Polarizabilty: the ability to distort electron cloud how easy it is
I will discuss what affects this at the end
First!
Let’s establish electrons don’t adhere to perfection, a spherical shape or perfect distribution,
From Wikipedia:
In atoms with multiple electrons, the energy of an electron depends not only on the intrinsic properties of
its orbital, but also on its interactions with the other electrons. These interactions depend on the detail of
its spatial probability distribution, and so the energy levels of orbitals depend not only on n but also on .
So electrons movement is influenced by multiple factors.

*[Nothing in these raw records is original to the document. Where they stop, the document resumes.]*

Definition Czero : Defs.C := (0, 0).
Definition Cone : Defs.C := (1, 0).
Definition Copp (z : Defs.C) : Defs.C := (- fst z, - snd z).
Definition Csub (z w : Defs.C) : Defs.C := Cadd z (Copp w).

Lemma C_ring_theory : ring_theory Czero Cone Cadd Cmul Csub Copp (@eq Defs.C).
Proof.
  constructor; intros;
    repeat match goal with z : Defs.C |- _ => destruct z end;
    unfold Csub, Czero, Cone, Cadd, Cmul, Copp; simpl; f_equal; ring.
Qed.
Add Ring C_ring : C_ring_theory.

Lemma Csum_ext n f g : (forall k, (k < n)%nat -> f k = g k) -> Csum n f = Csum n g.
Proof.
  induction n; simpl; intros H; auto.
  rewrite IHn by (intros; apply H; lia). rewrite H by lia. reflexivity.
Qed.

Lemma Csum_zero n : Csum n (fun _ => Czero) = Czero.
Proof. induction n; simpl; [reflexivity|]. rewrite IHn. ring. Qed.

Lemma Csum_add n f g : Csum n (fun k => Cadd (f k) (g k)) = Cadd (Csum n f) (Csum n g).
Proof. induction n; simpl; [change (0, 0) with Czero; ring|]. rewrite IHn. ring. Qed.

Lemma Csum_scal n c f : Csum n (fun k => Cmul c (f k)) = Cmul c (Csum n f).
Proof. induction n; simpl; [change (0, 0) with Czero; ring|]. rewrite IHn. ring. Qed.

Lemma Csum_shift n f : Csum (S n) f = Cadd (f O) (Csum n (fun k => f (S k))).
Proof. induction n; simpl in *; [change (0, 0) with Czero; ring|]. rewrite IHn. ring. Qed.

Lemma fst_Csum n f : fst (Csum n f) = fsum n (fun k => fst (f k)).
Proof. induction n; simpl; auto. rewrite IHn; auto. Qed.
Lemma dom_cod_diagram ls : well_typed ls -> ls <> [] ->
  dom (diagram ls) = tens_obs (diagram_dom ls) /\ cod (diagram ls) = tens_obs (diagram_cod ls).
Proof.
  induction ls as [|l ls IH]; intros Hw Hn; [congruence|].
  destruct ls as [|l' ls].
  - destruct Hw as [Hf _]. inversion Hf; subst.
    split; [apply dom_layer_mor | apply cod_layer_mor]; auto.
  - change (diagram (l :: l' :: ls)) with (layer_mor l ∘ diagram (l' :: ls)).
    pose proof (well_typed_tail _ _ Hw) as Hw'.
    destruct Hw as [Hf [Hc _]]. inversion Hf; subst.
    destruct (IH Hw') as [IHd IHc]; [discriminate|].
    assert (E : cod (diagram (l' :: ls)) = dom (layer_mor l)).
    { rewrite IHc, dom_layer_mor by auto. unfold diagram_cod. simpl. congruence. }
    rewrite dom_comp, cod_comp, cod_layer_mor by auto. now split.
Qed.
(* Fix $M>0$ and let $\mathcal{A}$ be the class of functions $m\in W^{1,2}(0,1)$ with $\int_0^1e^{m}\,dx=M$. Then for every sufficiently small $\delta>0$ and every continuous function $h_\delta:[0,\infty)\to\mathbb{R}$, the inequality $$\int_0^1e^{2m}\,dx<\delta M^2\int_0^1|m_x|^2\,dx+h_\delta\Big(\int_0^1e^m\,dx\Big)$$ does not hold for all $m\in\mathcal{A}$. *)

From HB Require Import structures.
From mathcomp Require Import all_boot all_order all_algebra.
From mathcomp Require Import all_classical all_reals all_analysis.
Set Implicit Arguments. Unset Strict Implicit. Unset Printing Implicit Defensive.
Import Order.TTheory GRing.Theory Num.Theory.
Import numFieldNormedType.Exports.
Local Open Scope classical_set_scope.
Local Open Scope ring_scope.

Definition I01 {R : realType} : set R := `]0, 1[%classic.

Definition test_fun {R : realType} (phi : R -> R) : Prop :=
  (forall (n : nat) (x : R), derivable (iter n (@derive1 R R^o) phi) x 1) /\
  exists a b : R, [/\ 0 < a, a < b, b < 1 &
    forall x, x < a \/ b < x -> phi x = 0].

Definition L2_01 {R : realType} (u : R -> R) : Prop :=
  measurable_fun I01 u /\
  (\int[lebesgue_measure]_(x in I01) ((u x) ^+ 2)%:E < +oo)%E.

(* m belongs to W^{1,2}(0,1) and g is (a representative of) its weak
   derivative m_x:  m, g in L^2(0,1) and
   int_0^1 m phi' = - int_0^1 g phi  for every test function phi. *)
Definition W12_weak_deriv {R : realType} (m g : R -> R) : Prop :=
  [/\ L2_01 m, L2_01 g &
    forall phi : R -> R, test_fun phi ->
      Rintegral lebesgue_measure I01 (fun x => m x * @derive1 R R^o phi x)
      = - Rintegral lebesgue_measure I01 (fun x => g x * phi x)].

From HB Require Import structures.
From mathcomp Require Import all_boot all_order all_algebra.
From mathcomp Require Import all_classical all_reals all_analysis.
From mathcomp Require Import ring lra.
Import Order.TTheory GRing.Theory Num.Theory.
Import numFieldNormedType.Exports.
Local Open Scope classical_set_scope.
Local Open Scope ring_scope.

(* For [m = ln c - 2 ln (x + a)] one has [e^m = c / (x + a)^2], so
   [c = M a (1 + a)] gives [int e^m = M], while [int e^(2m) ~ M^2 / (3 a)] and
   [int m_x^2 ~ 4 / a] as [a -> 0]. For [delta < 1/24] the left-hand side thus
   exceeds [delta M^2 int m_x^2] by more than [M^2 / (6 a (1 + a))], which beats
   the fixed value [h M] once [a] is small. *)

Section unit_interval_calculus.
Context {R : realType}.
Notation mu := (@lebesgue_measure R).

Lemma is_derive_continuous (F : R -> R) (x df : R) :
  is_derive x 1 F df -> {for x, continuous F}.
Proof.
by move=> dF; apply: differentiable_continuous; apply/derivable1_diffP.
Qed.

Lemma continuous_within01 (f : R -> R) :
  {in `[0, 1], continuous f} -> {within `[0, 1], continuous f}.
Proof. by move=> cf; apply: continuous_in_subspaceT => x; rewrite inE; exact: cf. Qed.

Lemma continuous01_integrable (f : R -> R) (D : set R) :
  measurable D -> D `<=` `[0, 1] -> {in `[0, 1], continuous f} ->
  mu.-integrable D (EFin \o f).
Proof.
move=> mD sD cf.
have icf : mu.-integrable `[0, 1] (EFin \o f).
  apply: continuous_compact_integrable; first exact: segment_compact.
  exact: continuous_within01.
exact: (integrableS _ _ _ icf).
Qed.

Lemma integral_I01_itvcc (f : R -> R) : {in `[0, 1], continuous f} ->
  (\int[mu]_(x in I01) (f x)%:E = \int[mu]_(x in `[0%R, 1%R]) (f x)%:E)%E.
Proof.
move=> cf; rewrite /I01 (@integral_itv_bndo_bndc _ (BRight 0)); last first.
  have sD : `]0, 1[ `<=` (`[0, 1] : set R) by move=> x /=; exact: subset_itv_oo_cc.
  by have /integrableP[] := continuous01_integrable _ _ (measurable_itv _) sD cf.
rewrite (@integral_itv_obnd_cbnd _ 0 (BRight 1)) //.
have sD : `]0, 1] `<=` (`[0, 1] : set R) by move=> x /=; exact: subset_itv_oc_cc.
by have /integrableP[] := continuous01_integrable _ _ (measurable_itv _) sD cf.
Qed.

Lemma Rintegral_I01_itvcc (f : R -> R) : {in `[0, 1], continuous f} ->
  Rintegral mu I01 f = Rintegral mu `[0, 1] f.
Proof. by move=> cf; rewrite /Rintegral integral_I01_itvcc. Qed.

Lemma continuous01_L2 (f : R -> R) : {in `[0, 1], continuous f} -> L2_01 f.
Proof.
have sI01 : I01 `<=` (`[0, 1] : set R) by move=> x; exact: subset_itv_oo_cc.
move=> cf; have /integrableP[mf _] := continuous01_integrable _ _ (measurable_itv _) sI01 cf.
split; first exact/measurable_realfun.measurable_EFinP.
have cf2 : {in `[0, 1], continuous (fun x => f x ^+ 2)}.
  by move=> x x01; apply: continuousM; exact: cf.
have /integrableP[_] := continuous01_integrable _ _ (measurable_itv _) sI01 cf2.
by under eq_integral do rewrite /= ger0_norm ?sqr_ge0//.
Qed.

Section derivative_on01.
Context {F f : R -> R}.
Hypothesis dF : forall x : R, x \in `[0, 1] -> is_derive x 1 F (f x).

Lemma derivable_oo_LRcontinuous01 : derivable_oo_LRcontinuous F 0 1.
Proof.
have cF (x : R) : x \in `[0, 1] -> {for x, continuous F}.
  by move=> /dF; exact: is_derive_continuous.
split.
- by move=> x /subset_itv_oo_cc /dF dFx; exact: (@ex_derive _ _ _ _ _ _ (f x)).
- by apply: cvg_at_right_filter; apply: cF; rewrite in_itv /= lexx ler01.
- by apply: cvg_at_left_filter; apply: cF; rewrite in_itv /= lexx ler01.
Qed.

Lemma derive1_itvoo01 : {in `]0, 1[, F^`()%classic =1 f}.
Proof.
by move=> x /subset_itv_oo_cc /dF dFx; rewrite derive1E derive_val.
Qed.

Lemma integral_I01_derive : {in `[0, 1], continuous f} ->
  (\int[mu]_(x in I01) (f x)%:E = (F 1 - F 0)%:E)%E.
Proof.
move=> cf; rewrite integral_I01_itvcc // EFinB; apply: continuous_FTC2 => //.
- exact: continuous_within01.
- exact: derivable_oo_LRcontinuous01.
- exact: derive1_itvoo01.
Qed.

End derivative_on01.

Lemma test_fun_derive {phi : R -> R} (x : R) : test_fun phi ->
  is_derive x 1 phi (phi^`()%classic x).
Proof. by move=> [dphi _]; rewrite derive1E; exact: derivableP (dphi 0%N x). Qed.

Lemma test_fun_derive_continuous {phi : R -> R} : test_fun phi ->
  continuous (phi^`()%classic).
Proof.
by move=> [dphi _] x; apply: is_derive_continuous; exact: derivableP (dphi 1%N x).
Qed.

Lemma test_fun_vanishes01 {phi : R -> R} : test_fun phi -> phi 0 = 0 /\ phi 1 = 0.
Proof.
by move=> [_ [p [q [p0 pq q1 phi0]]]]; split; apply: phi0; [left | right].
Qed.

Lemma W12_weak_deriv_C1 (F f : R -> R) :
  (forall x : R, x \in `[0, 1] -> is_derive x 1 F (f x)) ->
  {in `[0, 1], continuous f} -> W12_weak_deriv F f.
Proof.
move=> dF cf; have cF : {in `[0, 1], continuous F}.
  by move=> x /dF; exact: is_derive_continuous.
split; [exact: continuous01_L2 | exact: continuous01_L2 |].
move=> phi tphi; have [phi0 phi1] := test_fun_vanishes01 tphi.
have dphi (x : R) : x \in `[0, 1] -> is_derive x 1 phi (phi^`()%classic x).
  by move=> _; exact: test_fun_derive.
have cphi' := test_fun_derive_continuous tphi.
have cphi : {in `[0, 1], continuous phi} by move=> x /dphi; exact: is_derive_continuous.
have cFphi' : {in `[0, 1], continuous (fun x => F x * phi^`()%classic x)}.
  by move=> x x01; apply: continuousM; [exact: cF | exact: cphi'].
have cfphi : {in `[0, 1], continuous (fun x => f x * phi x)}.
  by move=> x x01; apply: continuousM; [exact: cf | exact: cphi].
rewrite !Rintegral_I01_itvcc //.
rewrite (Rintegration_by_parts (f := f) (G := phi) ltr01) ?phi0 ?phi1 ?mulr0 ?subrr ?sub0r //.
- exact: continuous_within01.
- exact: derivable_oo_LRcontinuous01 dF.
- exact: derive1_itvoo01 dF.
- by apply: continuous_within01 => x _; exact: cphi'.
- exact: derivable_oo_LRcontinuous01 dphi.
Qed.

Lemma is_derive_inv_powD (a x : R) (n : nat) : 0 < x + a ->
  is_derive x 1 (fun y => ((y + a) ^+ n.+1)^-1) (- n.+1%:R / (x + a) ^+ n.+2).
Proof.
move=> xa; have xa0 : x + a != 0 by rewrite gt_eqF.
have dpow := @is_deriveX R R (shift a) n.+1 x 1 1 (is_derive_shift x 1 a).
rewrite exprfctE in dpow.
have := @is_deriveV R (fun y => shift a y ^+ n.+1) x _ 1 (expf_neq0 _ xa0) dpow.
move=> dinv; apply: (is_derive_eq dinv) => /=.
rewrite /GRing.scale /= mulr1 !exprS; field.
by rewrite xa0 expf_neq0.
Qed.

Lemma integral_I01_inv_powD (a r : R) (n : nat) : 0 < a ->
  (\int[mu]_(x in I01) (r / (x + a) ^+ n.+2)%:E
   = (r / n.+1%:R * ((a ^+ n.+1)^-1 - ((1 + a) ^+ n.+1)^-1))%:E)%E.
Proof.
move=> a0; have xa (x : R) : x \in `[0, 1] -> 0 < x + a.
  by rewrite in_itv /= => /andP[x0 _]; exact: ltr_wpDl.
have n1 : 1 + n%:R != 0 :> R by rewrite nat1r pnatr_eq0.
have dF (x : R) : x \in `[0, 1] -> is_derive x 1
    (fun y => - (r / n.+1%:R) * ((y + a) ^+ n.+1)^-1) (r / (x + a) ^+ n.+2).
  move=> /xa xa0; have := is_deriveZ (- (r / n.+1%:R)) (is_derive_inv_powD _ _ n xa0).
  move=> dF; apply: (is_derive_eq dF).
  by rewrite /GRing.scale /=; field; rewrite n1 expf_neq0 ?gt_eqF.
rewrite (integral_I01_derive dF); last first.
  move=> x /xa xa0; apply: (continuousM (s := fun=> r) (t := fun y => ((y + a) ^+ n.+2)^-1)).
    exact: cst_continuous.
  exact: is_derive_continuous (is_derive_inv_powD _ _ n.+1 xa0).
congr EFin; rewrite add0r addrC; field.
by rewrite n1 !expf_neq0 ?gt_eqF //; lra.
Qed.

End unit_interval_calculus.

Section log_bump.
Context {R : realType}.
Notation mu := (@lebesgue_measure R).
Variables (a c : R).
Hypotheses (a0 : 0 < a) (c0 : 0 < c).

Definition log_bump (x : R) := ln c - 2 * ln (x + a).
Definition log_bump_dx (x : R) := - 2 / (x + a).

Let shift_gt0 (x : R) : x \in `[0, 1] -> 0 < x + a.
Proof. by rewrite in_itv /= => /andP[x0 _]; exact: ltr_wpDl. Qed.

Let I01_shift_gt0 (x : R) : x \in I01 -> 0 < x + a.
Proof. by rewrite /I01 inE /= in_itv /= => /andP[x0 _]; rewrite ltr_wpDl ?ltW. Qed.

Lemma is_derive_log_bump (x : R) : 0 < x + a -> is_derive x 1 log_bump (log_bump_dx x).
Proof.
move=> xa; have dln : is_derive x 1 (@ln R \o shift a) ((x + a)^-1 * 1) :=
  @is_derive1_comp R (@ln R) (shift a) x _ _ (is_derive1_ln xa) (is_derive_shift x 1 a).
apply: (is_derive_eq (is_deriveB (is_derive_cst (ln c) x 1) (is_deriveZ 2 dln))).
by rewrite /log_bump_dx /GRing.scale /= mulr1 sub0r mulNr.
Qed.

Lemma W12_log_bump : W12_weak_deriv log_bump log_bump_dx.
Proof.
apply: W12_weak_deriv_C1 => [x /shift_gt0|x /shift_gt0 xa]; first exact: is_derive_log_bump.
apply: (continuousM (s := fun=> -2) (t := fun y => (y + a)^-1)).
  exact: cst_continuous.
exact: is_derive_continuous (is_derive_inv_powD _ _ 0 xa).
Qed.

Lemma expR_log_bump (x : R) : 0 < x + a -> expR (log_bump x) = c / (x + a) ^+ 2.
Proof. by move=> xa; rewrite expRB expRM_natl !lnK ?posrE. Qed.

Lemma integral_expR_log_bump :
  (\int[mu]_(x in I01) (expR (log_bump x))%:E = (c / (a * (1 + a)))%:E)%E.
Proof.
under eq_integral => x /I01_shift_gt0 xa do rewrite expR_log_bump //.
rewrite integral_I01_inv_powD //; congr EFin; field.
by rewrite !gt_eqF ?addr_gt0.
Qed.

Lemma integral_expR2_log_bump :
  (\int[mu]_(x in I01) (expR (2 * log_bump x))%:E
   = (c ^+ 2 * (1 + 3 * a + 3 * a ^+ 2) / (3 * (a * (1 + a)) ^+ 3))%:E)%E.
Proof.
under eq_integral => x /I01_shift_gt0 xa.
  rewrite expRM_natl expR_log_bump // -[_ ^+ 2]/(_ * _) mulf_div -exprD.
  over.
rewrite integral_I01_inv_powD //; congr EFin; field.
by rewrite !gt_eqF ?addr_gt0.
Qed.

Lemma integral_sqr_log_bump_dx :
  (\int[mu]_(x in I01) (log_bump_dx x ^+ 2)%:E = (4 / (a * (1 + a)))%:E)%E.
Proof.
under eq_integral => x _ do rewrite /log_bump_dx expr_div_n sqrrN.
rewrite integral_I01_inv_powD //; congr EFin; field.
by rewrite !gt_eqF ?addr_gt0.
Qed.

End log_bump.

(* After multiplying by [p = a (1 + a)], the left side is [4 delta M^2 + C p] and
   the right side is at least [M^2 / 3]; the constraint on [a] forces [|C| p <= M^2 / 6]. *)
Lemma log_bump_energy_gap (R : realFieldType) (M C delta a : R) :
  0 < M -> 0 < delta -> delta < 1 / 24 -> 0 < a ->
  6 * a * (`|C| + M ^+ 2) = M ^+ 2 ->
  delta * M ^+ 2 * (4 / (a * (1 + a))) + C
    <= (M * a * (1 + a)) ^+ 2 * (1 + 3 * a + 3 * a ^+ 2) / (3 * (a * (1 + a)) ^+ 3).
Proof.
move=> M0 d0 d1 a0 ha.
have p0 : 0 < a * (1 + a) by rewrite mulr_gt0 // addr_gt0.
have -> : (M * a * (1 + a)) ^+ 2 * (1 + 3 * a + 3 * a ^+ 2) / (3 * (a * (1 + a)) ^+ 3)
    = M ^+ 2 * (1 + 3 * a + 3 * a ^+ 2) / 3 / (a * (1 + a)).
  by field; rewrite !gt_eqF ?addr_gt0.
rewrite ler_pdivlMr // mulrDl.
have -> : delta * M ^+ 2 * (4 / (a * (1 + a))) * (a * (1 + a)) = 4 * delta * M ^+ 2.
  by field; rewrite !gt_eqF ?addr_gt0.
have hC : C * (a * (1 + a)) <= (M ^+ 2 / 6 - M ^+ 2 * a) * (1 + a).
  have -> : (M ^+ 2 / 6 - M ^+ 2 * a) * (1 + a) = `|C| * (a * (1 + a)).
    by rewrite mulrA; congr (_ * _); lra.
  by rewrite ler_pM2r ?ler_norm.
have hM2 : 0 < M ^+ 2 by rewrite exprn_gt0.
nra.
Qed.

Theorem lemma4 (R : realType) (M : R) (hM : 0 < M) :
  exists delta0 : R, 0 < delta0 /\
  forall delta : R, 0 < delta -> delta < delta0 ->
  forall h : R -> R, {within `[0, +oo[%classic, continuous h} ->
  ~ (forall m mx : R -> R,
       W12_weak_deriv m mx ->
       (\int[lebesgue_measure]_(x in I01) (expR (m x))%:E = M%:E)%E ->
       (\int[lebesgue_measure]_(x in I01) (expR (2 * m x))%:E
        < (delta * M ^+ 2)%:E
            * \int[lebesgue_measure]_(x in I01) ((mx x) ^+ 2)%:E
          + (h (fine (\int[lebesgue_measure]_(x in I01) (expR (m x))%:E)))%:E)%E).
Proof.
exists (1 / 24); split; first lra.
move=> delta delta0 delta_small h _ energy_bound.
have M2 : 0 < M ^+ 2 by rewrite exprn_gt0.
pose a := M ^+ 2 / (6 * (`|h M| + M ^+ 2)).
have a0 : 0 < a by rewrite divr_gt0 // mulr_gt0 // ltr_wpDl.
have ha : 6 * a * (`|h M| + M ^+ 2) = M ^+ 2.
  by rewrite /a [6 * _]mulrC -mulrA mulfVK // gt_eqF // mulr_gt0 // ltr_wpDl.
pose c := M * a * (1 + a).
have c0 : 0 < c by rewrite /c; apply: mulr_gt0; [exact: mulr_gt0 | exact: addr_gt0].
have mass : (\int[lebesgue_measure]_(x in I01) (expR (log_bump a c x))%:E = M%:E)%E.
  by rewrite integral_expR_log_bump //; congr EFin; rewrite /c; field; rewrite !gt_eqF ?addr_gt0.
have := energy_bound _ _ (W12_log_bump a c a0) mass.
rewrite mass integral_expR2_log_bump // integral_sqr_log_bump_dx //= -EFinM -EFinD lte_fin.
by apply/negP; rewrite -leNgt; exact: log_bump_energy_gap.
Qed.
Lemma count_predU_predD (T : Type) (P Q : pred T) (s : seq T) :
  count (predU P Q) s = count Q s + count (predD P Q) s.
Proof. by elim: s => //= x s ->; case: (P x); case: (Q x); rewrite /= ?addnS ?addnA. Qed.

Lemma count_predC_predU (T : Type) (P Q : pred T) (s : seq T) :
  count (fun x => ~~ P x) s + count (fun x => ~~ Q x) s + count (fun x => P x || Q x) s
  <= 2 * size s.
Proof.
have UI : count (fun x => P x || Q x) s + count (fun x => P x && Q x) s = count P s + count Q s.
  exact: count_predUI.
have CP : count P s + count (fun x => ~~ P x) s = size s by apply: count_predC.
have CQ : count Q s + count (fun x => ~~ Q x) s = size s by apply: count_predC.
lia.
Qed.

(* [(true, r)] is the row [r] and [(false, c)] the column [c]. *)
Definition line := (bool * nat)%type.

Definition on_line (x : line) (p : pt) : bool := if x.1 then p.2 == x.2 else p.1 == x.2.

Definition meet (x y : line) : pt := if x.1 then (y.2, x.2) else (x.2, y.2).

Definition covered (ch : seq line) (p : pt) : bool := has (on_line^~ p) ch.

Definition rows (ch : seq line) : seq nat := [seq x.2 | x <- ch & x.1].
Definition cols (ch : seq line) : seq nat := [seq x.2 | x <- ch & ~~ x.1].

Definition position (ch : seq line) : pt := (size (cols ch), size (rows ch)).

Definition line_pts (A : seq pt) (ch : seq line) (x : line) : seq pt :=
  undup ([seq p <- A | on_line x p] ++ [seq meet x y | y <- ch & y.1 != x.1]).

Fixpoint heavy_chain (A : seq pt) (a b : nat) (ch : seq line) : Prop :=
  if ch is x :: ch' then
    [/\ heavy_chain A a b ch', x \notin ch' & (if x.1 then a else b) <= size (line_pts A ch' x)]
  else True.

Lemma coveredE ch p : covered ch p = (p.2 \in rows ch) || (p.1 \in cols ch).
Proof.
elim: ch => //= -[[] n] ch IH; rewrite /rows /cols /= -/(rows ch) -/(cols ch) IH /on_line /=.
  by rewrite in_cons orbA.
by rewrite in_cons orbCA.
Qed.

Lemma size_chain ch : size ch = size (cols ch) + size (rows ch).
Proof. by rewrite !size_map !size_filter addnC count_predC. Qed.

Lemma position_cons x ch :
  position (x :: ch) = if x.1 then ((position ch).1, (position ch).2.+1)
                       else ((position ch).1.+1, (position ch).2).
Proof. by case: x => [[] n]. Qed.

Lemma on_line_cross x y p :
  y != x -> on_line x p -> on_line y p -> y.1 != x.1 /\ p = meet x y.
Proof.
case: x y p => [[] m] [[] n] [u v]; rewrite /on_line /meet /= => yx /eqP-> /eqP E; subst.
all: by rewrite ?eqxx in yx *.
Qed.

Lemma size_line_pts A ch x : x \notin ch ->
  size (line_pts A ch x)
  <= count (predD (on_line x) (covered ch)) A + count (fun y => y.1 != x.1) ch.
Proof.
move=> x_ch; rewrite -!size_filter -(size_map (meet x) [seq y <- ch | _]) -size_cat.
apply: uniq_leq_size; first exact: undup_uniq.
move=> p; rewrite mem_undup !mem_cat => /orP[|->]; last by rewrite orbT.
rewrite !mem_filter => /andP[x_p pA]; case cov: (covered ch p); last by rewrite /= cov x_p pA.
have [y y_ch y_p] := hasP cov; have yx : y != x by apply: contraNneq x_ch => <-.
have [yx1 ->] := on_line_cross yx x_p y_p.
by apply/orP; right; apply: map_f; rewrite mem_filter y_ch yx1.
Qed.

Lemma count_perpendicular (x : line) (ch : seq line) :
  count (fun y : line => y.1 != x.1) ch = if x.1 then size (cols ch) else size (rows ch).
Proof. by rewrite !size_map !size_filter; case: x => [[] n]; apply: eq_count => -[[] m]. Qed.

So why do these atoms that have a full valence shell and are nonpolar in nature have attractive forces
and electrostatic interactions?
Well on average these full valence shells have a spherical electron distribution but remember this is an
average, electrons aren’t moving in a perfectly spherical path as we know from our previous
understanding in other chemistry courses. These electrons are consistently in motion and it is possible
for the concentration of electrons or electron density to be on one side of the atom, the attractive
forces between non polar molecules comes from this momentary or transient dipole. On one end of the
atom there is a concentration of electrons (weak force and momentary but it is still there) the
concentration of electrons on the one side of the atom at this particular moment repels the electrons of
a neighboring atom and attracts the positively charge nucleus towards the negative end of the first atom
which has that transient dipole. But now to deal with our second atom, as the nucleus of atom 2 is draw
towards the area of atom 1 that has a higher electron density, the electrons of atom 2 are repelled to
the other end of atom 2 and again we have a transient dipole! Now this effect propagates through the
entire liquid or solid! Crazy right! Well now let’s address some important factors that affect the extent of
these attractive forces from the presence of transient dipoles!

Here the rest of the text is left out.